When Michael Wacha came to the New York Mets this offseason, no one envisioned him occupying the team’s fourth-starter spot. Alas, here we are.

In Friday night’s disappointing 4-3 loss to the Marlins, the 29-year-old right-hander looked terrific at times, but a few tough breaks and one bad pitch essentially sealed the deal on a night the Mets’ offense couldn’t get themselves going.

Wacha began his outing strong, striking out the side in the first — Jonathan Villar, Eddy Alvarez, and Corey Dickerson, all swinging — but ran into a familiar buzz saw in the second.

A Brian Anderson walk followed by a Matt Joyce infield single set the table for notorious Met-killer Francisco Cervelli, who took a Wacha offering deep to the opposite-field corner in right field, putting Miami ahead 3-0.
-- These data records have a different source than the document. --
Definition sum_label (G1 G2 : graph) (f1 : V G1 -> nat) (f2 : V G2 -> nat)
    (z : V (disjoint_union G1 G2)) : nat :=
  match z with inl x => f1 x | inr y => f2 y end.

Section SumLabel.
Variables (G1 G2 : graph) (f1 : V G1 -> nat) (f2 : V G2 -> nat).

Lemma parted_sum_label s :
  parted s f1 -> parted s f2 -> (forall x y, f1 x = f2 y -> 0 < f1 x -> f1 x <= s) ->
  parted s (sum_label f1 f2).
Proof.
move=> f1_parted f2_parted shared [x | y] [x' | y'] //= neq f_eq f_gt0.
- exact: f1_parted.
- by have := shared _ _ f_eq f_gt0; rewrite leqNgt => /negbTE ->.
- have := shared _ _ (esym f_eq); rewrite -f_eq => /(_ f_gt0).
  by rewrite leqNgt => /negbTE ->.
- exact: f2_parted.
Qed.

Lemma part_embeds_sum_label (J : graph) (k0 : V J) :
  part_embeds (fun x => f1 x == 0) J -> (forall y, f2 y != 0) ->
  part_embeds (fun z => sum_label f1 f2 z == 0) J.
Proof.
move=> [phi phi_P] f2_neq0.
exists (fun z => if z is inl x then phi x else k0) => [[x | y] [x' | y']] //=;
  rewrite ?(negbTE (f2_neq0 _)) // => Px Px'.
by have [phi_inj ->] := phi_P _ _ Px Px'; split=> // /phi_inj ->.
Qed.

End SumLabel.

Definition tri_label m (r c : nat) (v : V (triangles m)) : nat :=
  if v.2 < r then v.2.+1 else c + v.1.

Lemma parted_tri_label m r s c : r <= s < c -> parted s (@tri_label m r c).
Proof.
move=> /andP [le_rs lt_sc] [i k] [j l] neq; rewrite /tri_label /=.
case: ifP => kr; case: ifP => lr fij f_gt0; try lia.
  have kl : k = l by apply: val_inj; case: fij.
  by rewrite /tri_adj /= kl eqxx andbF; apply/esym/negbTE; lia.
have ij : i = j by apply: ord_inj; lia.
have -> : s < c + i by lia.
by move: neq; rewrite /tri_adj /= ij xpair_eqE !eqxx.
Qed.

(** * Sets inducing a subgraph of a star *)

Definition starlike (G : graph) (P : pred (V G)) : Prop :=
  stable_part P \/ exists c, forall x y, P x -> P y -> adj x y = ((x == c) != (y == c)).

Lemma starlike_inl (G1 G2 : graph) (P : pred (V (disjoint_union G1 G2))) :
  starlike P -> starlike (fun x => P (inl x)).
Proof.
case=> [P_stable | [[c | c] c_center]].
- by left=> x y Px Py; exact: (P_stable (inl x) (inl y)).
- by right; exists c => x y Px Py; exact: (c_center (inl x) (inl y)).
- by left=> x y Px Py; move: (c_center (inl x) (inl y) Px Py) => /= ->.
Qed.

Lemma starlike_triangle (G : graph) (P : pred (V G)) (x y z : V G) :
  starlike P -> P x -> P y -> P z -> adj x y -> adj y z -> adj x z -> False.
Proof.
case=> [P_stable | [c c_center]] Px Py Pz xy yz xz.
  by move: (P_stable _ _ Px Py); rewrite xy.
move: xy yz xz; rewrite !c_center //.
by case: (x == c); case: (y == c); case: (z == c).
Qed.

Lemma starlike_part_embeds_star (G : graph) (P : pred (V G)) m :
  part_embeds P (star_graph m) -> starlike P.
Proof.
move=> [phi phi_P].
case: (pickP (fun c => P c && (phi c == ord0))) => [c /andP [Pc phi_c] | no_center].
  right; exists c => x y Px Py; have [_ <-] := phi_P _ _ Px Py.
  have phi0 z : P z -> (phi z == ord0) = (z == c).
    move=> Pz; apply/eqP/eqP => [phi_z | ->]; last exact/eqP.
    by apply: (phi_P _ _ Pz Pc).1; rewrite phi_z (eqP phi_c).
  by rewrite /= /star_adj !phi0.
left=> x y Px Py; have [_ <-] := phi_P _ _ Px Py.
by rewrite /= /star_adj; have := no_center x; have := no_center y; rewrite Px Py /= => -> ->.
Qed.

Lemma parted0_stable_size (G : graph) m (f : V G -> nat) (xs : seq (V G)) :
  parted 0 f -> uniq xs -> {in xs &, forall x y, ~~ adj x y} ->
  {in xs, forall x, 0 < f x <= m} -> size xs <= m.
Proof.
move=> f_parted xs_uniq xs_stable f_bound.
have f_inj : {in xs &, injective f}.
  move=> x y x_in y_in fxy; apply/eqP; apply: contraNT (xs_stable x y x_in y_in) => xy.
  by rewrite f_parted //; have /andP [] := f_bound x x_in.
rewrite -(size_map f) -(size_iota 1 m) uniq_leq_size ?map_inj_in_uniq //.
by move=> _ /mapP [x x_in ->]; rewrite mem_iota; have := f_bound x x_in; lia.
Qed.

Lemma all_iotaP n (P : pred nat) : reflect (forall i : 'I_n, P i) (all P (iota 0 n)).
Proof.
apply: (iffP allP) => [P_all i | P_all a]; first by apply: P_all; rewrite mem_iota ltn_ord.
by rewrite mem_iota => /andP [_ lt_an]; apply: (P_all (Ordinal lt_an)).
Qed.

Lemma parted_edge_graph n es s (ls : seq nat) :
  all (fun a => all (fun b =>
      [&& a != b, nth 0 ls a == nth 0 ls b & 0 < nth 0 ls a] ==>
      (edge_rel es a b == (s < nth 0 ls a)))
    (iota 0 n)) (iota 0 n) ->
  parted s (fun x : V (edge_graph n es) => nth 0 ls x).
Proof.
move=> /all_iotaP ls_parted x y xy fxy f_gt0; apply/eqP.
have /all_iotaP/(_ y)/implyP := ls_parted x; apply.
by rewrite f_gt0 fxy eqxx !andbT.
Qed.

Lemma part_embeds_edge_graph n es k es' (ls zs : seq nat) :
  size zs = k.+1 ->
  all (fun a => (nth 0 ls a == 0) ==> (a \in zs)) (iota 0 n) ->
  all (fun a => all (fun b => edge_rel es' (index a zs) (index b zs) == edge_rel es a b) zs) zs ->
  part_embeds (fun x : V (edge_graph n es) => nth 0 ls x == 0) (edge_graph k.+1 es').
Proof.
move=> size_zs /all_iotaP zero_in /allP zs_adj.
exists (fun x : 'I_n => inord (index (x : nat) zs) : 'I_k.+1).
move=> x y /(implyP (zero_in x)) x_in /(implyP (zero_in y)) y_in.
have idxK z : z \in zs -> (inord (index z zs) : 'I_k.+1) = index z zs :> nat.
  by move=> z_in; rewrite inordK // -size_zs index_mem.
split=> [/(congr1 (@nat_of_ord _)) | /=]; rewrite !idxK //.
  by move=> idx_xy; apply: ord_inj; rewrite -(nth_index 0 x_in) idx_xy nth_index.
exact/eqP/(allP (zs_adj _ x_in)).
Qed.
Magneuris Sierra drew a two-out walk later in the frame and Villar drilled an 85 MPH changeup to the wall in left-center to extend the Marlins’ lead to 4-0. Those two-out walks will always get ya…

Down 4-1, Wacha came back out swinging for the third, working around a two-out double via Jesus Aguilar, striking out two, and built off that newfound momentum.

He struck out two more Marlins in the fourth— Cervelli and Logan Forsythe, both looking — and navigated around a Sierra single and stolen base to keep New York in the game.

He picked up two more punchouts in the fifth, working around Aguilar’s second double of the game and benefitted from an outstanding range-spin-fire sequence from J.D. Davis at third to escape the jam.

Really encouraging stuff on all accounts.

That would be the end of Wacha’s evening (five innings, six hits, four earned runs, nine strikeouts, two walks; 6.43 ERA), but the guile he exhibited after digging himself in an early hole was admirable.

His pitches were working despite some poor placement early on; especially his changeup, which everyone’s favorite pitching coach Rob Friedman (@PitchingNinja) showcased on Twitter.

Wacha’s four-seamer was effective, racking up five swings-and-misses and five called strikes on 55 pitches, as was that dastardly changeup (24 pitches; three whiffs, five called strikes), and the cutter was a bonafide weapon (five whiffs, four called strikes on 18 pitches; 88.3 MPH average exit velocity).

If he can continue to keep plugging along  — especially amid trouble, but hopefully not too much — and can avoid the detrimental mistakes, Michael Wacha could end up reinforcing the back-end of this Mets rotation.

That’s an exciting development that not many of us could have anticipated.